# Campy Electric Group - Any chance they get it right?



## natedg200202 (Sep 2, 2008)

I'm very interested in the development of electronic shifting groups and as a fan of Campy, I hope they can pull together a group to compete with Shimano. 

It seems like a tall order to come out with a groupset as good as Di2 as Shimano seems to have done an excellent job on testing and making a reliable setup. 

Specifically, I hope that Campy can make the ergonomics of the shift buttons work well. With electronic shifting, there is no need to hold to convention and have the shift buttons in the same place as mechanical levers. This is one area of criticism for Di2 in that the shift paddles mirror (somewhat) what was done with the mechanical group and limits their effectiveness. 

Here is the latest prototypes I could find on the web. 










I hope they can come up with useful location(s) for the shift buttons and I'm not encouraged by the photos in this article. 

Where do you think shift buttons would be effective?
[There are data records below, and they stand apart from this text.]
Lemma excess_min_le0 (m : nat) (a : 'I_K) (g0 : X -> R) :
  sqloss_min m a g0 -> excess (tau m) g0 a <= 0.
Proof. by case=> _ g0_min; rewrite subr_le0 g0_min. Qed.

Lemma GhatE (m : nat) (beta : R) (a : 'I_K) (g0 g : X -> R) :
  (2 <= m)%N -> sqloss_min m a g0 ->
  Ghat xs acts rs G m beta a g <->
  G g /\ excess (tau m) g a - excess (tau m) g0 a <= rounds_before m * beta.
Proof.
move=> m2 [Gg0 g0_min]; rewrite /Ghat /=.
have inv_gt0 : 0 < (rounds_before m)^-1 by rewrite invr_gt0 rounds_before_gt0.
have -> : Rhat xs acts rs m g a - inf [set Rhat xs acts rs m g' a | g' in G] =
          (rounds_before m)^-1 * (excess (tau m) g a - excess (tau m) g0 a).
  rewrite (inf_image_min Gg0); last by move=> g' Gg'; rewrite ler_pM2l // g0_min.
  by rewrite -mulrBr /excess; congr (_ * _); rewrite opprB addrA subrK.
by rewrite ler_pdivrMl ?rounds_before_gt0.
Qed.

Lemma gstar_Ghat (m : nat) (a : 'I_K) : (2 <= m <= Mep)%N ->
  Ghat xs acts rs G m (C / (2 * rounds_before m)) a (gstar a).
Proof.
move=> /andP[m2 mM]; have [g0 g0_min] := sqloss_min_exists a m2.
apply/(GhatE _ _ m2 g0_min); split => //; rewrite excess_gstar sub0r.
have -> : rounds_before m * (C / (2 * rounds_before m)) = C / 2.
  by field; rewrite gt_eqF ?rounds_before_gt0.
have := excess_lbound a mM g0_min.1; lra.
Qed.

Lemma Ghat_sub_Gtilde (m : nat) (beta : R) (a : 'I_K) : (2 <= m <= Mep)%N ->
  Ghat xs acts rs G m beta a `<=` Gtilde Et G m (2 * beta + C / rounds_before m) a.
Proof.
move=> /andP[m2 mM] g; have [g0 g0_min] := sqloss_min_exists a m2.
move=> /(GhatE _ _ m2 g0_min) [Gg g_gap]; split => //.
rewrite ler_pdivrMl ?rounds_before_gt0 //.
have -> : rounds_before m * (2 * beta + C / rounds_before m) =
          2 * (rounds_before m * beta) + C.
  by field; rewrite gt_eqF ?rounds_before_gt0.
have := sum_Et_prefix a mM Gg; have := excess_min_le0 g0_min; lra.
Qed.

Lemma Ghat_sub_Ghat (k m : nat) (beta : R) (a : 'I_K) : (2 <= k <= m)%N -> (m <= Mep)%N ->
  Ghat xs acts rs G m beta a `<=`
  Ghat xs acts rs G k (rounds_before m / rounds_before k * beta + C / rounds_before k) a.
Proof.
move=> /andP[k2 km] mM g; have m2 := leq_trans k2 km.
have [g0m g0m_min] := sqloss_min_exists a m2.
have [g0k g0k_min] := sqloss_min_exists a k2.
move=> /(GhatE _ _ m2 g0m_min) [Gg g_gap]; apply/(GhatE _ _ k2 g0k_min); split => //.
have -> : rounds_before k * (rounds_before m / rounds_before k * beta + C / rounds_before k) =
          rounds_before m * beta + C.
  by field; rewrite gt_eqF ?rounds_before_gt0.
have := excess_window a (k := k) (m := m) (g := g); rewrite km mM => /(_ isT Gg).
have := excess_lbound a (leq_trans km mM) g0k_min.1.
have := excess_min_le0 g0m_min; lra.
Qed.

Lemma Ghat_le_radius (m : nat) (beta1 beta2 : R) (a : 'I_K) : beta1 <= beta2 ->
  Ghat xs acts rs G m beta1 a `<=` Ghat xs acts rs G m beta2 a.
Proof. by move=> b12 g [Gg g_gap]; split => //; exact: le_trans b12. Qed.

Lemma betam_pred (m : nat) : (3 <= m <= Mep)%N ->
  rounds_before m / rounds_before m.-1 * betam Mep C m + C / rounds_before m.-1 =
  betam Mep C m.-1.
Proof.
move=> /andP[m3 mM]; rewrite /betam -/(rounds_before m) -/(rounds_before m.-1).
have -> : (Mep - m.-1 + 1 = (Mep - m + 1) + 1)%N by lia.
rewrite natrD; field.
by rewrite !gt_eqF ?rounds_before_gt0 //; lia.
Qed.

Lemma gstar_Fm (m : nat) : (1 <= m <= Mep)%N -> Fm xs acts rs G Mep C m gstar.
Proof.
move=> /andP[m1 mM]; rewrite /Fm; case: ifP => [_ a|m_gt1 a] //=.
have m2 : (2 <= m)%N by rewrite ltnNge m_gt1.
apply: Ghat_le_radius (gstar_Ghat a _); last by rewrite m2.
rewrite /betam -/(rounds_before m) invfM mulrA.
rewrite ler_pM2r ?invr_gt0 ?rounds_before_gt0 //.
have n_ge1 : 1 <= (Mep - m + 1)%:R :> R by rewrite ler1n addn1.
have := ler_wpM2r C_ge0 n_ge1; rewrite mul1r; have := C_ge0; lra.
Qed.

Lemma Fm_pred_sub (m : nat) : (2 <= m <= Mep)%N ->
  Fm xs acts rs G Mep C m `<=` Fm xs acts rs G Mep C m.-1.
Proof.
move=> /andP[m2 mM] f; rewrite /Fm ifF; last by lia.
case: ifP => m1 /= f_in a; first by have [] := f_in a.
rewrite -betam_pred; last by apply/andP; split; [lia | exact: mM].
by apply: Ghat_sub_Ghat (f_in a) => //; apply/andP; split; [lia | exact: leq_pred].
Qed.

End epochs.

Theorem mainTheorem10 (R : realType) (K : nat)
  (dX : measure_display) (X : measurableType dX)
  (d : measure_display) (Z : measurableType d) (D : probability Z R)
  (xof : Z -> X) (rof : Z -> 'I_K -> R)
  (G : set (X -> R)) (gstar : 'I_K -> X -> R)
  (pol : nat -> 'I_K -> X -> R)
  (xs : nat -> X) (acts : nat -> 'I_K) (rs : nat -> 'I_K -> R)
  (T Mep : nat) (C : R) :
  measurable_fun setT xof ->
  (forall a, measurable_fun setT (fun z => rof z a)) ->
  (forall z a, 0 <= rof z a <= 1) ->
  (forall g, G g -> measurable_fun setT g /\ (forall x, 0 <= g x <= 1)) ->
  (* g*_a(x) = E[r(a) | x] *)
  (forall a, measurable_fun setT (gstar a)) ->
  (forall a (B : set X), measurable B ->
     (\int[D]_(z in xof @^-1` B) (rof z a)%:E =
      \int[D]_(z in xof @^-1` B) (gstar a (xof z))%:E)%E) ->
  (* conditional action probabilities P(a_t = a | J_t, x_t = x) *)
  (forall t a, measurable_fun setT (pol t a)) ->
  (forall t a x, 0 <= pol t a x <= 1) ->
  (forall t x, \sum_(a < K) pol t a x = 1) ->
  (forall t a, 0 <= rs t a <= 1) ->
  (tau Mep <= T < tau Mep.+1)%N ->
  0 < C ->
  (forall m a, (2 <= m)%N ->
     exists2 g0, G g0 & forall g', G g' -> Rhat xs acts rs m g0 a <= Rhat xs acts rs m g' a) ->
  (* the event *)
  (forall g a (t1 t2 : nat), G g -> (1 <= t1 <= t2)%N -> (t2 <= T)%N ->
     \sum_(t1 <= t < t2.+1) Econd D xof rof gstar pol t g a
       <= 2 * \sum_(t1 <= t < t2.+1) Mt xs acts rs gstar t g a + C) ->
  (forall a, G (gstar a)) ->
  (forall a (k m : nat), (2 <= k <= m)%N -> (m <= Mep)%N ->
    [/\ Ghat xs acts rs G m (C / (2 * ((tau m)%:R - 1))) a (gstar a),
        (forall beta, 0 <= beta ->
           Ghat xs acts rs G m beta a `<=`
           Gtilde (Econd D xof rof gstar pol) G m
                  (2 * beta + C / ((tau m)%:R - 1)) a) &
        (forall beta, 0 <= beta ->
           Ghat xs acts rs G m beta a `<=`
           Ghat xs acts rs G k
             (((tau m)%:R - 1) / ((tau k)%:R - 1) * beta + C / ((tau k)%:R - 1)) a)])
  /\ (forall m, (1 <= m <= Mep)%N -> Fm xs acts rs G Mep C m gstar)
  /\ (forall m, (2 <= m <= Mep)%N ->
        Fm xs acts rs G Mep C m `<=` Fm xs acts rs G Mep C m.-1).
Proof.
move=> mxof mrof rof01 G_meas mgstar gstar_cond mpol pol01 _ _ /andP[tau_Mep_le _]
  /ltW C_ge0 Rhat_min event G_gstar.
pose Et := Econd D xof rof gstar pol.
have Et_ge0 t g a : G g -> 0 <= Et t g a.
  move=> Gg; have [mg g01] := G_meas g Gg; have [_ gstar01] := G_meas _ (G_gstar a).
  exact: (Rintegral_sqloss_excess_ge0 mxof (mgstar a) (mrof a) gstar01
    (fun z => rof01 z a) (gstar_cond a) (mpol t a) mg (pol01 t a) g01).
split; last split.
- move=> a k m /andP[k2 km] mM; have m2m : (2 <= m <= Mep)%N by rewrite (leq_trans k2 km).
  have k2m : (2 <= k <= m)%N by rewrite k2.
  split.
  + by apply: (gstar_Ghat (Et := Et) (T := T) (Mep := Mep)).
  + by move=> beta _; apply: (Ghat_sub_Gtilde (Et := Et) (T := T) (Mep := Mep)).
  + by move=> beta _; apply: (Ghat_sub_Ghat (Et := Et) (T := T) (Mep := Mep)).
- by move=> m; apply: (gstar_Fm (Et := Et) (T := T) (Mep := Mep)).
- by move=> m; apply: (Fm_pred_sub (Et := Et) (T := T) (Mep := Mep)).
Qed.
Any thoughts on what will make/break an electric group for Campy?

I'm interested in seeing discussion on these topics and I hope we can refrain from debating the need of an electric group - plenty of other threads on that.


----------



## Guest (Dec 8, 2009)

I think you have to maintain some form of button on the levers so you can shift from the drops. You could use a design like the shimano TT kit and allow for multiple options but to me the baseline design has to facilitate shifting while on hoods or in the drops. Adding stuff like the bar tops etc. would be nice to have if it doesn't get to complicated, I don't know that I want it at the cost of more wires. If I was going to go electronic I'd rather see less wires than now instead of more.


----------



## natbrown (Oct 7, 2005)

some kind of up/down toggle underneath the hoods. Could be reached from the drops, and the hoods????? It's a really difficult design problem. 
Maybe it needs to mirror the mechanical setup to aid familiarity and acceptance with riders?


----------



## jpdigital (Dec 1, 2006)

natedg200202 said:


> I hope they can come up with useful location(s) for the shift buttons and I'm not encouraged by the photos in this article.
> 
> Where do you think shift buttons would be effective? Any thoughts on what will make/break an electric group for Campy?
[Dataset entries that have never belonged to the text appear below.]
Lemma fp_fixes_comm w w' : fp_fixes w \/ fp_fixes w' -> fp_fixes (comm w w').
Proof.
move=> fix_ww' x x_red; rewrite /comm !fp_actw_cat.
case: fix_ww' => [fix_w|fix_w'].
  by rewrite fix_w ?fp_actw_reduced // fp_actw_winv // fp_fixes_winv.
by rewrite fix_w' // (fp_fixes_winv fix_w') ?fp_actw_reduced // fp_actw_winv.
Qed.

Lemma fp_actw_weq R w w' : (forall r, List.In r R -> fp_fixes r) -> weq R w w' ->
  forall x, fp_reduced x -> fp_actw w x = fp_actw w' x.
Proof.
move=> R_fix; elim=> [y z yz|y|y z _ IH|y z z' _ IHyz _ IHzz'] x x_red //.
- case: yz => [p q l|p q r Rr]; rewrite !fp_actw_cat; congr (fp_actw p _).
    by have := fp_act_linv (linv l) (fp_actw_reduced q x_red); rewrite linvK.
  by rewrite R_fix // fp_actw_reduced.
- by rewrite IH.
- by rewrite IHyz ?IHzz'.
Qed.

Lemma fp_actw_syl_cat s : alternating s -> all (fun x => 0 < x.2 < ord (syl_gen x)) s ->
  map fst (fp_actw (syl_cat s [::]) [::]) = map syl_gen s.
Proof.
elim: s => // [[[g b] k] s IH]; rewrite alternating_cons => /andP[fresh alt_s].
case/andP=> k_bnd bnd_s; have {}IH := IH alt_s bnd_s.
have {}k_bnd : 0 < k < ord g := k_bnd.
rewrite syl_cat_cons fp_actw_cat fp_actw_nseq ?fp_actw_reduced // fp_mul_fresh; last first.
  rewrite IH; case: s fresh {IH alt_s bnd_s} => //= y s.
  by apply: contraNneq => -[->].
by rewrite /fp_cons (negbTE (modn_mul_sign b k_bnd)) /= IH.
Qed.

Lemma fp_cons_tagged g e x : all (pred1 g) (map fst x) ->
  all (pred1 g) (map fst (fp_cons g e x)).
Proof. by rewrite /fp_cons; case: eqP => //= _ ->; rewrite eqxx. Qed.

Lemma fp_mul_tagged g e x : all (pred1 g) (map fst x) ->
  all (pred1 g) (map fst (fp_mul g e x)).
Proof.
case: x => [|[g' k] x']; first exact: fp_cons_tagged.
by case/andP=> /eqP /= -> x'_tag; rewrite /= eqxx; apply: fp_cons_tagged.
Qed.

Lemma fp_actw_tagged S g w x :
  (forall s, List.In s S -> fp_fixes s \/ exists k, s = nseq k (g, false)) ->
  in_gen S w -> fp_reduced x -> all (pred1 g) (map fst x) ->
  all (pred1 g) (map fst (fp_actw w x)).
Proof.
move=> S_gens Sw x_red x_tag; elim: Sw => {w} [|s w Ss _ IH|s w Ss _ IH] //;
  rewrite fp_actw_cat; have w_red := fp_actw_reduced w x_red.
  case: (S_gens s Ss) => [fix_s|[k ->]]; first by rewrite fix_s.
  by rewrite fp_actw_nseq //; apply: fp_mul_tagged.
case: (S_gens s Ss) => [fix_s|[k ->]]; first by rewrite fp_fixes_winv.
by rewrite winv_nseq fp_actw_nseq //; apply: fp_mul_tagged.
Qed.

End FreeProductOfCyclics.

Section NormalForm.
Variables (R : seq word) (u : bool) (p q : nat).
Hypotheses (p_gt1 : 1 < p) (q_gt0 : 0 < q).
Local Notation U := (nseq p (u, false)).
Local Notation V := (nseq q (~~ u, false)).
Hypothesis UV : wcomm R U V.

(* Normal form in <u, u^p, v^q>: an alternating product of syllables u^k (0 < k < p) and
   v^(+-qj) (j > 0), followed by a word in u^p and v^q. *)
Definition nf_syl (x : syl) :=
  if syl_gen x == u then (x.1.2 == false) && (0 < x.2 < p) else (0 < x.2) && (q %| x.2).

Definition in_nf h := exists s hh,
  [/\ all nf_syl s, alternating s, in_gen [:: U; V] hh & weq R h (syl_cat s hh)].

Lemma in_nf_weq h h' : weq R h' h -> in_nf h -> in_nf h'.
Proof.
by move=> h'h [s [hh [nf_s alt_s Hhh hs]]]; exists s, hh; split=> //; apply: weq_trans hs.
Qed.

Lemma nf_syl_v x : nf_syl x -> syl_gen x != u ->
  exists j b, x = (~~ u, b, q * j) /\ 0 < j.
Proof.
case: x => [[g b] k]; rewrite /nf_syl /syl_gen /= => nf_x g_ne_u.
move: nf_x; rewrite (negbTE g_ne_u) => /andP[k_gt0 /dvdnP[j k_eq]]; exists j, b.
rewrite k_eq muln_gt0 in k_gt0; case/andP: k_gt0 => j_gt0 _; split=> //.
by rewrite k_eq mulnC; case: g u g_ne_u => [] [].
Qed.

Lemma nf_syl_u x : nf_syl x -> syl_gen x = u -> exists k, x = (u, false, k) /\ 0 < k < p.
Proof.
case: x => [[g b] k]; rewrite /nf_syl /syl_gen /= => + g_u; rewrite g_u eqxx.
by case/andP=> /eqP -> k_bnd; exists k.
Qed.

Lemma wcomm_U_syl_word x : nf_syl x -> wcomm R U (syl_word x).
Proof.
move=> nf_x; case: (eqVneq (syl_gen x) u) => [gen_u|/(nf_syl_v nf_x)[j [[] [-> _]]]].
- case: x gen_u nf_x => [[g b] k]; rewrite /nf_syl /syl_gen /= => -> /[!eqxx] /andP[/eqP -> _].
  exact: wcomm_nseq.
- rewrite /syl_word /= -[(_, true)]/(linv (_, false)) -winv_nseq.
  exact/wcomm_winvr/wcomm_nseq_mul.
- exact: wcomm_nseq_mul.
Qed.

Lemma weq_U_syl_cat b s w : all nf_syl s ->
  weq R (nseq p (u, b) ++ syl_cat s w) (syl_cat s (nseq p (u, b) ++ w)).
Proof.
elim: s => [|x s IH] /=; first by move=> _; apply: weq_refl.
case/andP=> nf_x /IH /(weq_catl (syl_word x)) {IH}; apply: weq_trans; rewrite !catA.
apply: weq_catr; have := wcomm_U_syl_word nf_x; case: b => //.
by rewrite -[(u, true)]/(linv (u, false)) -winv_nseq; apply: wcomm_winv.
Qed.

Lemma in_nf_syl_cat s hh : all nf_syl s -> alternating s -> in_gen [:: U; V] hh ->
  in_nf (syl_cat s hh).
Proof. by move=> nf_s alt_s Hhh; exists s, hh; split=> //; apply: weq_refl. Qed.

Lemma in_nf_catU b h : in_nf h -> in_nf (nseq p (u, b) ++ h).
Proof.
case=> s [hh [nf_s alt_s Hhh /(weq_catl (nseq p (u, b))) /weq_trans hs]].
exists s, (nseq p (u, b) ++ hh); split=> //; last exact/hs/weq_U_syl_cat.
by apply: in_gen_cat Hhh; have := @in_gen_nseq_mul _ p 1 u b; rewrite muln1; apply; left.
Qed.

Lemma in_nf_u h : in_nf h -> in_nf ((u, false) :: h).
Proof.
case=> s [hh [nf_s alt_s Hhh /(weq_catl [:: (u, false)]) /in_nf_weq]]; apply.
have nf_u1 : nf_syl (u, false, 1) by rewrite /nf_syl /syl_gen /= eqxx.
case: s nf_s alt_s => [|x s] nf_s alt_s.
  by apply: (@in_nf_syl_cat [:: (u, false, 1)]) => //=; rewrite nf_u1.
case: (eqVneq (syl_gen x) u) => [gen_u|gen_ne_u]; last first.
  apply: (@in_nf_syl_cat ((u, false, 1) :: x :: s)) => //; first exact/andP.
  by apply/andP; split; [rewrite eq_sym | exact: alt_s].
case/andP: nf_s => /nf_syl_u/(_ gen_u) [k [x_eq /andP[k_gt0 k_lt]]] nf_s; subst x.
case: (ltnP k.+1 p) => [k1_lt|k1_ge].
  apply: (@in_nf_syl_cat ((u, false, k.+1) :: s)) => //.
    by apply/andP; split; rewrite // /nf_syl /syl_gen /= eqxx k1_lt.
  by rewrite (@alternating_head _ (u, false, k)).
change (in_nf (nseq k.+1 (u, false) ++ syl_cat s hh)); rewrite (_ : k.+1 = p); last lia.
by apply/in_nf_catU/in_nf_syl_cat => //; apply: path_sorted alt_s.
Qed.

Lemma in_nf_uinv h : in_nf h -> in_nf ((u, true) :: h).
Proof.
have in_nf_uk k h' : in_nf h' -> in_nf (nseq k (u, false) ++ h').
  by move=> nf_h'; elim: k => // k IH; apply: in_nf_u.
move=> /(in_nf_uk p.-1) /(in_nf_catU true); apply: in_nf_weq.
have -> : nseq p (u, true) = [:: (u, true)] ++ winv (nseq p.-1 (u, false)).
  by rewrite winv_nseq -{1}(prednK (ltnW p_gt1)).
by rewrite -catA; apply/weq_sym/weq_cancel_inv.
Qed.

Lemma in_nf_v b h : in_nf h -> in_nf (nseq q (~~ u, b) ++ h).
Proof.
case=> s [hh [nf_s alt_s Hhh /(weq_catl (nseq q (~~ u, b))) /in_nf_weq]]; apply.
have nvu : (~~ u == u) = false by case: (u).
have nf_vk c k : nf_syl (~~ u, c, k) = (0 < k) && (q %| k) by rewrite /nf_syl /syl_gen /= nvu.
case: s nf_s alt_s => [|x s] nf_s alt_s.
  by apply: (@in_nf_syl_cat [:: (~~ u, b, q)]) => //=; rewrite nf_vk q_gt0 dvdnn.
case: (eqVneq (syl_gen x) u) => [gen_u|gen_ne_u].
  apply: (@in_nf_syl_cat ((~~ u, b, q) :: x :: s)) => //.
    by apply/andP; split; rewrite // nf_vk q_gt0 dvdnn.
  by apply/andP; split; [rewrite gen_u /syl_gen /= nvu | exact: alt_s].
case/andP: nf_s => /nf_syl_v/(_ gen_ne_u) [j [c [x_eq j_gt0]]] nf_s; subst x.
rewrite syl_cat_cons /syl_word /=; case: (c =P b) => [c_b|/eqP c_ne_b].
  subst c; rewrite catA -nseqD -mulnS; apply: (@in_nf_syl_cat ((~~ u, b, q * j.+1) :: s)) => //.
    by apply/andP; split; rewrite // nf_vk muln_gt0 q_gt0 dvdn_mulr.
  by rewrite (@alternating_head _ (~~ u, b, q * j)).
have c_nb : c = ~~ b by move: c_ne_b; case: (b); case: (c).
subst c; rewrite -[(~~ u, ~~ b)]/(linv (~~ u, b)).
apply: (in_nf_weq (weq_nseq_cancel R _ _ (leq_pmulr q j_gt0))).
rewrite -{2}(muln1 q) -mulnBr subn1; case: (eqVneq j 1) => [->|j_ne1].
  by rewrite muln0; apply: in_nf_syl_cat => //; apply: path_sorted alt_s.
apply: (@in_nf_syl_cat ((~~ u, ~~ b, q * j.-1) :: s)) => //.
  apply/andP; split; rewrite // nf_vk muln_gt0 q_gt0 dvdn_mulr // andbT /=; lia.
by rewrite (@alternating_head _ (~~ u, ~~ b, q * j)).
Qed.

Lemma in_nf_of_in_gen h : in_gen [:: [:: (u, false)]; U; V] h -> in_nf h.
Proof.
elim=> {h} [|s h Ss _ IH|s h Ss _ IH].
- by apply: (@in_nf_syl_cat [::] [::]) => //; apply: gen_nil.
- by case: Ss => [<-|[<-|[<-|[]]]]; [apply: in_nf_u | apply: in_nf_catU | apply: in_nf_v].
- by case: Ss => [<-|[<-|[<-|[]]]]; rewrite ?winv_nseq;
    [apply: in_nf_uinv | apply: in_nf_catU | apply: in_nf_v].
Qed.

Lemma syl_cat_in_gen s hh : all nf_syl s -> ~~ has (fun x => syl_gen x == u) s ->
  in_gen [:: U; V] hh -> in_gen [:: U; V] (syl_cat s hh).
Proof.
elim: s => [|x s IH] //=; case/andP=> nf_x nf_s; rewrite negb_or => /andP[x_ne_u no_u] Hhh.
have [j [b [-> _]]] := nf_syl_v nf_x x_ne_u.
by apply: in_gen_cat (IH nf_s no_u Hhh); apply: in_gen_nseq_mul; right; left.
Qed.

End NormalForm.

Lemma leq_sumn_map (T : eqType) (f : T -> nat) s x : x \in s -> f x <= sumn (map f s).
Proof.
elim: s => //= y s IH; rewrite in_cons => /predU1P[->|/IH le_fx]; first exact: leq_addr.
exact: leq_trans le_fx (leq_addl _ _).
Qed.

Definition orders (u : bool) (p Q : nat) (g : bool) := if g == u then p else Q.

Lemma orders_gt0 u p Q g : 0 < p -> 0 < Q -> 0 < orders u p Q g.
Proof. by rewrite /orders; case: ifP. Qed.

Section Separation.
Variables (u : bool) (p q : nat) (R : seq word) (Rt : nat -> seq word).
Hypotheses (p_gt1 : 1 < p) (q_gt0 : 0 < q).
Local Notation U := (nseq p (u, false)).
Local Notation V := (nseq q (~~ u, false)).
Hypothesis UV : wcomm R U V.
Hypothesis R_sub : forall t r, List.In r R -> List.In r (Rt t).
Hypothesis Rt_fixes :
  forall t, 0 < t -> forall r, List.In r (Rt t) -> fp_fixes (orders u p (q * t)) r.

Lemma syl_cat_notin_quotient t s h : 0 < t ->
  all (nf_syl u p q) s -> alternating s -> has (fun x => syl_gen x == u) s ->
  sumn (map snd s) < t -> in_gen [:: U; V] h -> ~ weq (Rt t) (syl_cat s [::]) h.
Proof.
move=> t_gt0 nf_s alt_s has_u sum_lt Hh eq_sh.
set ord := orders u p (q * t).
have nvu : (~~ u == u) = false by case: (u).
have ord_u : ord u = p by rewrite /ord /orders eqxx.
have ord_v : ord (~~ u) = q * t by rewrite /ord /orders nvu.
have ord_gt0 g : 0 < ord g by apply: orders_gt0; rewrite ?muln_gt0 ?q_gt0 // ltnW.
have bnd_s : all (fun x => 0 < x.2 < ord (syl_gen x)) s.
  apply/allP=> x xs; have nf_x := allP nf_s x xs.
  case: (eqVneq (syl_gen x) u) => [gen_u|gen_ne_u].
    by have [k [-> k_bnd]] := nf_syl_u nf_x gen_u; rewrite /syl_gen /= ord_u.
  have [j [b [x_eq j_gt0]]] := nf_syl_v nf_x gen_ne_u; have le_sum := leq_sumn_map snd xs.
  rewrite x_eq /syl_gen /= ord_v muln_gt0 q_gt0 j_gt0 /=.
  rewrite x_eq /= in le_sum; apply: leq_trans (leq_pmull t q_gt0).
  exact: leq_ltn_trans le_sum sum_lt.
have H_gens r : List.In r [:: U; V] -> fp_fixes ord r \/ exists k, r = nseq k (~~ u, false).
  by case=> [<-|[<-|[]]]; [left; apply: fp_fixes_nseq; rewrite ?ord_u | right; exists q].
have := fp_actw_tagged ord_gt0 H_gens Hh (erefl : fp_reduced ord [::]) (erefl : all _ [::]).
rewrite -(fp_actw_weq ord_gt0 (Rt_fixes t_gt0) eq_sh) // fp_actw_syl_cat // all_map.
move=> /allP all_v; case/hasP: has_u => x /all_v /= /eqP -> /eqP.
by case: (u).
Qed.

Theorem not_mem_sub_quotients g :
  mem_sub R [:: [:: (u, false)]; U; V] g -> ~ mem_sub R [:: U; V] g ->
  exists t0, 1 < t0 /\ forall t, 0 < t -> t0 %| t -> ~ mem_sub (Rt t) [:: U; V] g.
Proof.
case=> h [Gh /weq_trans gh] gNH.
have [s [hh [nf_s alt_s Hhh /gh gs]]] := in_nf_of_in_gen p_gt1 q_gt0 UV Gh.
have [has_u|no_u] := boolP (has (fun x => syl_gen x == u) s); last first.
  by case: gNH; exists (syl_cat s hh); split=> //; apply: syl_cat_in_gen.
(* Beyond every v-exponent of s, the v-syllables stay nontrivial modulo q t. *)
exists (sumn (map snd s)).+2; split=> // t t_gt0 /(dvdn_leq t_gt0) t0_le [h' [Hh' gh']].
apply: (syl_cat_notin_quotient t_gt0 nf_s alt_s has_u (ltnW t0_le)).
  exact: in_gen_cat Hh' (in_gen_winv Hhh).
apply: weq_cat_winv; rewrite syl_cat_cat.
exact: weq_trans (weq_sym (weq_sub (R_sub t) gs)) gh'.
Qed.
End Separation.

Lemma rels_t_fixes ord m n t : (forall g, 0 < ord g) ->
  ord false %| m * t -> ord true %| n * t -> ord false %| m \/ ord true %| n ->
  forall r, List.In r (rels_t m n t) -> fp_fixes ord r.
Proof.
move=> ord_gt0 dvd_mt dvd_nt dvd_mn r; case=> [<-|[<-|[<-|[]]]]; try exact: fp_fixes_nseq.
case: dvd_mn => [dvd_m|dvd_n].
  exact (fp_fixes_comm ord_gt0 (or_introl (fp_fixes_nseq _ dvd_m))).
exact (fp_fixes_comm ord_gt0 (or_intror (fp_fixes_nseq _ dvd_n))).
Qed.

Lemma rels_t_fixes_orders (u : bool) m n : 1 < m -> 1 < n -> forall t, 0 < t ->
  forall r, List.In r (rels_t m n t) ->
  fp_fixes (orders u (if u then n else m) ((if u then m else n) * t)) r.
Proof.
move=> m_gt1 n_gt1 t t_gt0; apply: rels_t_fixes.
- by move=> g; apply: orders_gt0; case: (u); rewrite ?muln_gt0 ?t_gt0 ?andbT; apply: ltnW.
- by rewrite /orders; case: (u); [apply: dvdnn | apply/dvdn_mulr/dvdnn].
- by rewrite /orders; case: (u); [apply/dvdn_mulr/dvdnn | apply: dvdnn].
- by rewrite /orders; case: (u) => /=; [right|left].
Qed.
I think a good position for an upshift button would be _just underneath_ where the hood covers end on the drop of the bar (sorry, I can't figure out how to post a pic w/ an arrow pointing to where I'm talking about). A button located there will be easily accessable on the hoods _and_ in the drops. IMO the upshift paddle is fine where it is.

Currently the only thing holding back a Campag Electric gruppo is 11 speed, IMO. I think it'd be interesting of they did a 1/2 mechanical/ 1/2 electric shifting package, i.e. mechanical RD w/ electric FD (from what I've heard the FD shifting is where Di2 really sparkles, well, that and TT setups).


----------



## natedg200202 (Sep 2, 2008)

Well, we are seeing updated pictures of the new 2012 Campy E-Group. Unfortunately, they are sticking with the antiquated circa 1992 thumb shift levers. 










OK, I have to admit, there might be hope in the updated thumb button in the picture above. The strange shape curves down and may make shifting from the drops more manageable. From the hoods, you can tap the new thumb button higher up where it exits the body. 

I still don't believe that this is optimal from an ergonomic standpoint. With electronic shifting, the possibilities are endless for the location, type, and even the number of shift actuator(s). Sticking with the same ole' shift button that they dreamed up in 1992 seems a little uninspired.


----------



## kbwh (May 28, 2010)

Now what if the thumb button on the last picture reacts both on thumb downstroke (like on the mechanical versions) AND on the upstroke? I'd like that.


----------



## strathconaman (Jul 3, 2003)

The "Killer App" for electronic shifting is sequential shifting that has only two buttons "up" and "down". There is no need for the end user to shift the front or rear, only for more gear inches or less.

Curse me if you want, but the DI2 is so good you don't have to worry about what ring you are in when you start to climb or sprint, it will shift between rings under full power.


----------



## kbwh (May 28, 2010)

This one goes to eleven:
http://www.cyclingnews.com/news/campagnolo-shows-off-its-new-electronic-gear-system


----------



## Creakyknees (Sep 21, 2003)

I was excited to see the new design, also +1 if it goes up and down. 

.. and I've never had any problem shifting Campy from the drops, even while standing and sprinting.


----------



## Drew Eckhardt (Nov 11, 2009)

strathconaman said:


> The "Killer App" for electronic shifting is sequential shifting that has only two buttons "up" and "down". There is no need for the end user to shift the front or rear, only for more gear inches or less.


Having gone over the handle bars when I got an unexpected downshift from my big ring whilst standing and accelerating I agree that's a "killer" ap.


----------